I think the most likely is from having poop sit on his bum for too long. This boy poops constantly and in his sleep! My dd alway woke up to pee/poop and made such a fuss that we knew immediately to change her. This little guy went nearly six hours the other night without a change (he woke up to nurse once, nursed a teeny bit and fell back asleep--as did I, forgetting to change him!). When I did change him he had a soaking diaper with poop (the seedy part of breastmilk poo) that looked like it had been there a little bit.

My other thought is that we just got a prince lionheart warmies warmer for our cloth wipes and this rash happened at the same time. I'm suspicious of the warmer because of the "stay fresh pillow" at the bottom that smells funny (to me) and seems to make my entire load of diapers smell strange after being washed (just from the used wipes!?!). I'm not sure I trust the "anti-microbial power" of the pillow on my baby, ykwim? (I'm afraid to run it without the pillow...I read that can cause a fire??)
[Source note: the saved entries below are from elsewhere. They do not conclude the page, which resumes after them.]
(* Let $h$ be an interaction anchored in $X$ and $h'$ an interaction anchored in $X'$. Assume that $\sum_{x\in X}\sum_{x'\in X'}f(1+|x-x'|)<\infty$ for every $f\in\mathcal F$. Then the commutator interaction $[h,h']$ is summable; in fact $\sum_S\|[h,h']_S\|<\infty$.
   Context: $\mathcal A$ is the quasi-local $C^*$-algebra on $\mathbb Z^2$ with on-site $M_d(\mathbb C)$, with local subalgebras $\mathcal A_S$ and $\ell^\infty$ distances and diameters; $|x-x'|$ is the $\ell^\infty$ distance. $\mathcal F$ is the set of strictly positive non-increasing $f:\{1,2,\dots\}\to(0,\infty)$ with $r^pf(r)\to0$ for all $p$. An interaction $h$ assigns $h_S\in\mathcal A_S$ to finite $S$. $\|h\|_f=\sup_x\sum_{S\ni x}\|h_S\|/f(1+\mathrm{diam}S)$, and $\mathcal J$ is the set of interactions with some finite $\|h\|_f$. $h$ is anchored in $X$ if $h\in\mathcal J$ and $h_S=0$ whenever $S\cap X=\emptyset$. The commutator is $[h,h']_S=\sum_{S_1\cup S_2=S,\,S_1\cap S_2\ne\emptyset}[h_{S_1},h'_{S_2}]$. An interaction is summable if $\sum_S h_S$ converges in norm. *)

From HB Require Import structures.
From mathcomp Require Import all_boot all_order all_algebra.
From mathcomp Require Import finmap.
From mathcomp Require Import all_classical all_reals all_analysis.
From mathcomp Require Import complex.
Set Implicit Arguments. Unset Strict Implicit. Unset Printing Implicit Defensive.
Import Order.TTheory GRing.Theory Num.Theory.
Local Open Scope ring_scope.
Local Open Scope classical_set_scope.
Import numFieldNormedType.Exports.

Definition site := (int * int)%type.

Definition ldist (x y : site) : nat := maxn (absz (x.1 - y.1)) (absz (x.2 - y.2)).

(* l^infinity diameter of a finite set (0 for the empty set) *)
Definition diam (S : {fset site}) : nat :=
  (\max_(x : S) \max_(y : S) ldist (val x) (val y))%N.

Section Local.
Variables (R : realType) (d : nat).
Local Notation C := (complex.complex R).

(* basis configurations of the sites in S: the local Hilbert space is
   (C^d)^{\otimes S} = functions conf S -> C *)
Definition conf (S : {fset site}) := {ffun S -> 'I_d}.

(* local algebra A_S = M_d(C)^{\otimes S}, as kernels (matrices) on conf S *)
Definition obs (S : {fset site}) := {ffun conf S * conf S -> C}.

Definition mulo S (a b : obs S) : obs S :=
  [ffun p => \sum_(r : conf S) a (p.1, r) * b (r, p.2)].

Definition commo S (a b : obs S) : obs S := mulo a b - mulo b a.

Definition apply_obs S (a : obs S) (v : {ffun conf S -> C}) : {ffun conf S -> C} :=
  [ffun s => \sum_(t : conf S) a (s, t) * v t].

Definition cabs (z : C) : R := Num.sqrt (complex.Re z ^+ 2 + complex.Im z ^+ 2).

Definition vnorm S (v : {ffun conf S -> C}) : R :=
  Num.sqrt (\sum_(s : conf S) cabs (v s) ^+ 2).

(* C*-norm = operator norm on the local Hilbert space *)
Definition opnorm S (a : obs S) : R :=
  sup [set vnorm (apply_obs a v) | v in [set v : {ffun conf S -> C} | vnorm v <= 1]].

(* embedding A_S -> A_T for S ⊆ T : a |-> a ⊗ 1_{T \ S} *)
Definition restr S T (H : (S `<=` T)%fset) (s : conf T) : conf S :=
  [ffun x : S => s (fincl H x)].

Definition agree_off (S T : {fset site}) (s t : conf T) : bool :=
  [forall x : T, (val x \notin S) ==> (s x == t x)].

Definition embH S T (H : (S `<=` T)%fset) (a : obs S) : obs T :=
  [ffun p => a (restr H p.1, restr H p.2) * (agree_off S p.1 p.2)%:R].

(* total version (0 when S is not contained in T; only used with S ⊆ T) *)
Definition emb S T (a : obs S) : obs T :=
  match @idP (S `<=` T)%fset with
  | ReflectT H => embH H a
  | ReflectF _ => 0
  end.

Definition interaction := forall S : {fset site}, obs S.

Definition inF (f : nat -> R) : Prop :=
  [/\ (forall r, (0 < r)%N -> 0 < f r),
      (forall r s, (0 < r)%N -> (r <= s)%N -> f s <= f r) &
      (forall p : nat, (fun r : nat => r%:R ^+ p * f r) @ \oo --> (0 : R))].

Definition fsum (f : nat -> R) (h : interaction) (x : site) : \bar R :=
  \esum_(S in [set S : {fset site} | x \in S]) ((opnorm (h S) / f (1 + diam S)%N)%:E).

Definition inJ (h : interaction) : Prop :=
  exists f, inF f /\ exists M : R, forall x, (fsum f h x <= M%:E)%E.

Definition anchored (X : set site) (h : interaction) : Prop :=
  inJ h /\ forall S : {fset site}, (forall x, x \in S -> ~ X x) -> h S = 0.

Definition comm_int (h h' : interaction) : interaction := fun S =>
  \sum_(S1 <- fpowerset S)
    \sum_(S2 <- fpowerset S | ((S1 `|` S2)%fset == S) && ((S1 `&` S2)%fset != fset0))
      commo (emb S (h S1)) (emb S (h' S2)).

End Local.

From Pilot Require Import Defs.
From HB Require Import structures.
From mathcomp Require Import all_boot all_order all_algebra.
From mathcomp Require Import finmap.
From mathcomp Require Import all_classical all_reals all_analysis.
From mathcomp Require Import complex.
From mathcomp Require Import lra ring zify.
Import Order.TTheory GRing.Theory Num.Theory.
Local Open Scope ring_scope.
Set Implicit Arguments. Unset Strict Implicit. Unset Printing Implicit Defensive.
Import numFieldNormedType.Exports.
Local Open Scope classical_set_scope.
So, we have either been wrapping him in a blanket with a diaper under his bum or pinning a diaper on w/o a cover and changing him immediately either way when he pees. It seems to have gotten a _little_ better. We used cornstarch on him last night and right now have been using Weleda Calendula cream.

Any suggestions?


----------



## Michigan Mama (Jun 25, 2008)

i like Weleda, too - but it can cause build up on your dipes, so you might want to use a liner with it. it's not cloth safe.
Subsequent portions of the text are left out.